Activity:
Extract each line holding the word "exprMn" from the entries.

(Dataset excerpts)
(* Let $A$ be an integral domain and $E$ an $A$-module such that $aE=a^2E$ for each $a\in A$. Then: (1) if $E$ is torsion-free, then $E$ is divisible; (2) if $A$ is local and $E$ is finitely generated, then $E$ is semisimple; (3) if $A$ is an Archimedean valuation domain, then $E$ is an extension of a divisible module by a semisimple module (i.e. $E$ has a divisible submodule $D$ with $E/D$ semisimple).
   Context: $E$ is divisible if $sE=E$ for every non-zero $s\in A$. A valuation domain is Archimedean if its maximal ideal is its only non-zero prime ideal. *)

From mathcomp Require Import all_boot all_order all_algebra.
Set Implicit Arguments. Unset Strict Implicit. Unset Printing Implicit Defensive.
Import GRing.Theory.
Local Open Scope ring_scope.

Section Defs.
Variable A : idomainType.

Definition is_ideal (I : A -> Prop) : Prop :=
  I 0 /\ (forall x y, I x -> I y -> I (x + y)) /\ (forall a x, I x -> I (a * x)).

Definition proper_ideal (I : A -> Prop) : Prop := is_ideal I /\ ~ I 1.

Definition maximal_ideal (I : A -> Prop) : Prop :=
  proper_ideal I /\
  forall J : A -> Prop, is_ideal J -> (forall x, I x -> J x) ->
    (forall x, J x <-> I x) \/ (forall x, J x).

Definition prime_ideal (I : A -> Prop) : Prop :=
  proper_ideal I /\ forall a b, I (a * b) -> I a \/ I b.

Definition local_ring : Prop :=
  exists M : A -> Prop, maximal_ideal M /\
    forall N, maximal_ideal N -> forall x, N x <-> M x.

Definition valuation_domain : Prop :=
  forall a b : A, (exists c, b = a * c) \/ (exists c, a = b * c).

Definition archimedean_valuation_domain : Prop :=
  valuation_domain /\
  forall M P : A -> Prop, maximal_ideal M -> prime_ideal P ->
    (exists x, P x /\ x <> 0) -> forall x, P x <-> M x.

Variable E : lmodType A.

Definition scaled (a : A) : E -> Prop := fun v => exists x, v = a *: x.

Definition torsion_free : Prop :=
  forall (a : A) (x : E), a *: x = 0 -> a = 0 \/ x = 0.

Definition divisible : Prop :=
  forall s : A, s <> 0 -> forall v : E, scaled s v.

Definition finitely_generated : Prop :=
  exists s : seq E, forall v : E,
    exists c : 'I_(size s) -> A, v = \sum_(i < size s) c i *: s`_i.

Definition submodule (N : E -> Prop) : Prop :=
  N 0 /\ (forall x y, N x -> N y -> N (x + y)) /\ (forall a x, N x -> N (a *: x)).

Definition semisimple : Prop :=
  forall N, submodule N -> exists N', submodule N' /\
    (forall x, N x -> N' x -> x = 0) /\
    (forall v, exists x y, N x /\ N' y /\ v = x + y).

Definition divisible_submodule (D : E -> Prop) : Prop :=
  forall s : A, s <> 0 -> forall v, D v -> exists x, D x /\ v = s *: x.

(* E / D is semisimple, expressed through the correspondence between
   submodules of E/D and submodules of E containing D: every submodule
   N ⊇ D has a complement N' ⊇ D with N ∩ N' = D and N + N' = E. *)
Definition quotient_semisimple (D : E -> Prop) : Prop :=
  forall N, submodule N -> (forall x, D x -> N x) ->
    exists N', submodule N' /\ (forall x, D x -> N' x) /\
    (forall x, N x -> N' x -> D x) /\
    (forall v, exists x y, N x /\ N' y /\ v = x + y).

End Defs.

(* (1) From s v = s^2 y we get s (v - s y) = 0, so torsion-freeness gives v = s y.
   (2) For a in the maximal ideal of a local ring, aE = a^2E, and an induction on
   the generators of E (Nakayama's trick with the units 1 - a c) gives aE = 0.
   (3) In an Archimedean valuation domain the radical of aA (a a non-zero
   non-unit) is a non-zero prime, hence the maximal ideal, so every non-unit r
   has a power in aA; iterating aE = a^2E then gives rE <= aE.  Thus D = aE is
   divisible and every non-unit maps E into D.
   Both semisimplicity claims follow from one Zorn argument: when every scalar is
   a unit or maps E into D, a maximal submodule X containing D with N /\ X <= D
   is a complement of N modulo D. *)
From Pilot Require Import Defs.
From mathcomp Require Import all_boot all_order all_algebra.
From mathcomp Require Import boolp classical_sets.
Set Implicit Arguments. Unset Strict Implicit. Unset Printing Implicit Defensive.
Import GRing.Theory.
Local Open Scope ring_scope.

Section ZornAbove.
Local Open Scope classical_set_scope.

Lemma Zorn_bigcup_above (T : Type) (P : set (set T)) (X0 : set T) : P X0 ->
  (forall F : set (set T), F `<=` P -> total_on F subset -> F X0 ->
     P (\bigcup_(X in F) X)) ->
  exists A, [/\ P A, X0 `<=` A & forall B, P B -> A `<=` B -> B `<=` A].
Proof.
move=> PX0 chainP; pose Q X := P X /\ X0 `<=` X.
pose R (s t : {X | Q X}) := `[< proj1_sig s `<=` proj1_sig t >].
have [|||[A [PA X0A]] Amax] :=
  @ZL_preorder _ (exist Q X0 (conj PX0 (@subset_refl _ X0))) R.
- by move=> s; apply/asboolP.
- by move=> r s t /asboolP rs /asboolP st; apply/asboolP; exact: subset_trans st.
- move=> F Ftot.
  pose G : set (set T) := fun X => X = X0 \/ exists2 s, F s & proj1_sig s = X.
  have GP : G `<=` P by move=> Y [->|[s _ <-]] //; case: s => X [].
  have Gtot : total_on G subset.
    move=> Y Z [->|[s Fs <-]] [->|[t Ft <-]].
    - by left.
    - by left; case: (proj2_sig t).
    - by right; case: (proj2_sig s).
    - by have [/asboolP|/asboolP] := Ftot _ _ Fs Ft; [left|right].
  have X0G : X0 `<=` \bigcup_(X in G) X by apply: bigcup_sup; left.
  exists (exist Q _ (conj (chainP G GP Gtot (or_introl erefl)) X0G)) => s Fs.
  by apply/asboolP => x sx; exists (proj1_sig s) => //; right; exists s.
exists A; split => // B PB AB.
exact/asboolP/(Amax (exist Q B (conj PB (subset_trans X0A AB))) (asboolT AB)).
Qed.
End ZornAbove.

Section Submodules.
Variables (A : idomainType) (E : lmodType A).
Local Open Scope classical_set_scope.

Lemma scalerAC (b d : A) (y : E) : b *: (d *: y) = d *: (b *: y).
Proof. by rewrite !scalerA mulrC. Qed.

Lemma submodule0 : submodule (fun x : E => x = 0).
Proof.
split=> //; split=> [x y -> ->|a x ->]; [exact: addr0 | exact: scaler0].
Qed.

Lemma scaled_submodule (a : A) : submodule (@scaled _ E a).
Proof.
split; first by exists 0; rewrite scaler0.
split=> [x y [x' ->] [y' ->]|b x [x' ->]].
  by exists (x' + y'); rewrite scalerDr.
by exists (b *: x'); rewrite scalerAC.
Qed.

Lemma bigcup_submodule (F : set (E -> Prop)) :
  F `<=` @submodule A E -> total_on F subset -> F !=set0 ->
  submodule (\bigcup_(X in F) X).
Proof.
move=> Fsub Ftot [X0 FX0]; split; first by exists X0 => //; case: (Fsub _ FX0).
split=> [x y [X FX Xx] [Y FY Yy]|a x [X FX Xx]].
  have [XY|YX] := Ftot _ _ FX FY.
    by exists Y => //; have [_ [YD _]] := Fsub _ FY; apply: YD => //; apply: XY.
  by exists X => //; have [_ [XD _]] := Fsub _ FX; apply: XD => //; apply: YX.
by exists X => //; have [_ [_ XZ]] := Fsub _ FX; apply: XZ.
Qed.

Definition adjoin (X : E -> Prop) (v : E) : E -> Prop :=
  fun w => exists y r, X y /\ w = y + r *: v.

Lemma submodule_adjoin (X : E -> Prop) (v : E) :
  submodule X -> submodule (adjoin X v).
Proof.
move=> [X0 [XD XZ]]; split; first by exists 0, 0; rewrite scale0r addr0.
split=> [_ _ [y1 [r1 [Xy1 ->]]] [y2 [r2 [Xy2 ->]]]|a _ [y [r [Xy ->]]]].
  by exists (y1 + y2), (r1 + r2); rewrite scalerDl addrACA; split => //; apply: XD.
by exists (a *: y), (a * r); rewrite scalerDr scalerA; split => //; apply: XZ.
Qed.

(* A maximal submodule X above D with N ∩ X ⊆ D must also satisfy N + X = E:
   otherwise adjoining a missing v keeps N ∩ (X + A v) ⊆ D, since a relation
   n = y + r v either has r a unit (then v ∈ N + X) or r v ∈ D ⊆ X. *)
Lemma quotient_semisimple_of_unit_or_scaled (D : E -> Prop) :
  submodule D -> (forall r : A, r \is a GRing.unit \/ forall v, D (r *: v)) ->
  quotient_semisimple D.
Proof.
move=> subD unit_or_D N subN DN.
have [||X [[subX NXD] DX Xmax]] :=
  @Zorn_bigcup_above _ (fun X => submodule X /\ forall x, N x -> X x -> D x) D.
- by split.
- move=> F FP Ftot FD; split.
    by apply: bigcup_submodule => //; [move=> X /FP[] | exists D].
  by move=> x Nx [X FX Xx]; apply: (proj2 (FP X FX)).
exists X; do 3!split => //; move=> v; apply: contrapT => nv.
have [X0 [XD XZ]] := subX; have [N0 [_ NZ]] := subN.
have NvD x : N x -> adjoin X v x -> D x.
  move=> Nx [y [r [Xy exy]]]; have [ru|rD] := unit_or_D r.
    exfalso; apply: nv; exists (r^-1 *: x), (- (r^-1 *: y)).
    split; first exact: NZ.
    split; first by rewrite -scaleN1r; exact: (XZ _ _ (XZ _ _ Xy)).
    by rewrite exy scalerDr scalerA mulVr // scale1r addrAC subrr add0r.
  by apply: NXD => //; rewrite exy; apply: XD => //; apply: DX.
have Xv : X v.
  apply: (Xmax (adjoin X v)); first by split; [exact: submodule_adjoin | exact: NvD].
    by move=> x Xx; exists x, 0; rewrite scale0r addr0.
  by exists 0, 1; rewrite scale1r add0r.
by apply: nv; exists 0, v; rewrite add0r.
Qed.

Lemma semisimple_of_quotient_semisimple0 :
  quotient_semisimple (fun x : E => x = 0) -> semisimple E.
Proof.
move=> hQ N [N0 subN].
have [|N' [subN' [_ [NN' NpN']]]] := hQ N (conj N0 subN); first by move=> x ->.
by exists N'.
Qed.

Fixpoint in_span (s : seq E) : E -> Prop :=
  if s is x :: s' then fun w => exists c, in_span s' (w - c *: x)
  else fun w => w = 0.

Lemma in_spanD (s : seq E) (u w : E) :
  in_span s u -> in_span s w -> in_span s (u + w).
Proof.
elim: s u w => [|x s IH] u w /=; first by move=> -> ->; rewrite addr0.
move=> [c su] [d sw]; exists (c + d).
by rewrite scalerDl opprD addrACA; apply: IH.
Qed.

Lemma in_spanZ (s : seq E) (a : A) (w : E) : in_span s w -> in_span s (a *: w).
Proof.
elim: s w => [|x s IH] w /=; first by move=> ->; rewrite scaler0.
by move=> [c sw]; exists (a * c); rewrite -scalerA -scalerBr; apply: IH.
Qed.

Lemma in_span_sum (s : seq E) (c : 'I_(size s) -> A) :
  in_span s (\sum_(i < size s) c i *: s`_i).
Proof.
elim: s c => [|x s IH] c /=; first by rewrite big_ord0.
exists (c ord0); rewrite big_ord_recl addrAC subrr add0r.
exact: (IH (fun i => c (lift ord0 i))).
Qed.

End Submodules.

Section Rings.
Variable A : idomainType.
Local Open Scope classical_set_scope.

Lemma exists_maximal_ideal_nonunit (r : A) : r \isn't a GRing.unit ->
  exists2 M, maximal_ideal M & M r.
Proof.
move=> nr.
have [||M [[idM M1] rAM Mmax]] :=
  @Zorn_bigcup_above _ (@Defs.proper_ideal A) (fun y => exists c, y = c * r).
- split; first split; first by exists 0; rewrite mul0r.
    split=> [x y [c ->] [d ->]|b x [c ->]]; first by exists (c + d); rewrite mulrDl.
    by exists (b * c); rewrite mulrA.
  by move=> [c c1]; move/negP: nr; apply; apply/unitrPr; exists c; rewrite mulrC -c1.
- move=> F FP Ftot FrA; split; last by move=> [I /FP[_ nI1] I1].
  exact: @bigcup_submodule _ A^o F (fun I FI => proj1 (FP I FI)) Ftot (ex_intro _ _ FrA).
exists M; last by apply: rAM; exists 1; rewrite mul1r.
split=> // J idJ MJ; have [J1|nJ1] := pselect (J 1).
  by right=> x; rewrite -(mulr1 x); apply: idJ.2.2.
by left=> x; split=> [Jx|/MJ//]; apply: (Mmax J) => //; split.
Qed.

Lemma local_one_sub_mulr_unit : local_ring A ->
  forall r : A, r \isn't a GRing.unit -> forall c, (1 - r * c) \is a GRing.unit.
Proof.
move=> [M [maxM Muniq]] r nr c; have [[[_ [MD MM]] M1] _] := maxM.
have Mr : M r by have [N maxN Nr] := exists_maximal_ideal_nonunit nr;
  apply/(Muniq N maxN).
apply: contrapT => /negP nu; have [N maxN N1] := exists_maximal_ideal_nonunit nu.
apply: M1; rewrite -(subrK (r * c) 1); apply: MD; first exact/(Muniq N maxN).
by rewrite mulrC; apply: MM.
Qed.

Lemma valuation_nonunit_maximal : valuation_domain A ->
  maximal_ideal (fun x : A => x \isn't a GRing.unit).
Proof.
move=> hv.
have nonunitM (a x : A) : x \isn't a GRing.unit -> a * x \isn't a GRing.unit.
  by move=> nx; rewrite unitrM negb_and nx orbT.
split; first split; first split.
- by rewrite unitr0.
- split=> [x y nx ny|]; last exact: nonunitM.
  have [[c ->]|[c ->]] := hv x y.
    by rewrite -{1}(mulr1 x) -mulrDr mulrC; apply: nonunitM.
  by rewrite -{2}(mulr1 y) -mulrDr mulrC; apply: nonunitM.
- by rewrite unitr1.
move=> J [_ [_ JM]] nonunitJ.
have [[u [Ju uu]]|Jnonunit] := pselect (exists u, J u /\ u \is a GRing.unit).
  by right=> x; rewrite -(mulr1 x) -(mulVr uu) mulrA; apply: JM.
left=> x; split=> [Jx|/nonunitJ//]; apply/negP => ux.
by apply: Jnonunit; exists x.
Qed.

(* The radical of [a A]: if (x y)^(n+1) is in [a A] and y = x f, then so is
   x^(2n+2) = (x y)^(n+1) f^(n+1). *)
Lemma valuation_radical_prime (a : A) : valuation_domain A ->
  a \isn't a GRing.unit -> prime_ideal (fun x : A => exists n c, x ^+ n.+1 = a * c).
Proof.
move=> hv na.
have radM b x : (exists n c, x ^+ n.+1 = a * c) -> exists n c, (b * x) ^+ n.+1 = a * c.
  by move=> [n [c e]]; exists n, (b ^+ n.+1 * c); rewrite exprMn e mulrCA.
split; first split; first split.
- by exists 0%N, 0; rewrite expr1 mulr0.
- split=> [x y rx ry|]; last exact: radM.
  have [[e ->]|[e ->]] := hv x y.
    by have := radM (1 + e) x rx; rewrite mulrDl mul1r mulrC.
  by have := radM (1 + e) y ry; rewrite mulrDl mul1r mulrC addrC.
- move=> [n [c e]]; move/negP: na; apply; apply/unitrPr; exists c.
  by rewrite -e expr1n.
move=> x y [n [c e]]; have hk : (n.*2.+1).+1 = (n.+1).*2 by rewrite doubleS.
have [[f ey]|[f ex]] := hv x y; [right | left];
  exists (n.*2.+1)%N, (c * f ^+ n.+1); rewrite hk -mul2n exprM expr2.
  by rewrite {1}ey mulrAC exprMn e -mulrA.
by rewrite {1}ex mulrAC [y * x]mulrC exprMn e -mulrA.
Qed.

Lemma archimedean_exp_dvd (a b : A) : archimedean_valuation_domain A ->
  a != 0 -> a \isn't a GRing.unit -> b \isn't a GRing.unit ->
  exists n c, b ^+ n.+1 = a * c.
Proof.
move=> [hv harch] a0 na nb.
have rad_a : exists x, (exists n c, x ^+ n.+1 = a * c) /\ x <> 0.
  by exists a; split; [exists 0%N, 1; rewrite expr1 mulr1 | exact/eqP].
have maxU := valuation_nonunit_maximal hv.
exact/(harch _ _ maxU (valuation_radical_prime hv na) rad_a b).
Qed.

End Rings.

Section SquareScaled.
Variables (A : idomainType) (E : lmodType A).
Hypothesis scaled_sqr : forall (a : A) (v : E), scaled a v <-> scaled (a ^+ 2) v.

Answer to this exercise:
  by move=> [n [c e]]; exists n, (b ^+ n.+1 * c); rewrite exprMn e mulrCA.
  by rewrite {1}ey mulrAC exprMn e -mulrA.
by rewrite {1}ex mulrAC [y * x]mulrC exprMn e -mulrA.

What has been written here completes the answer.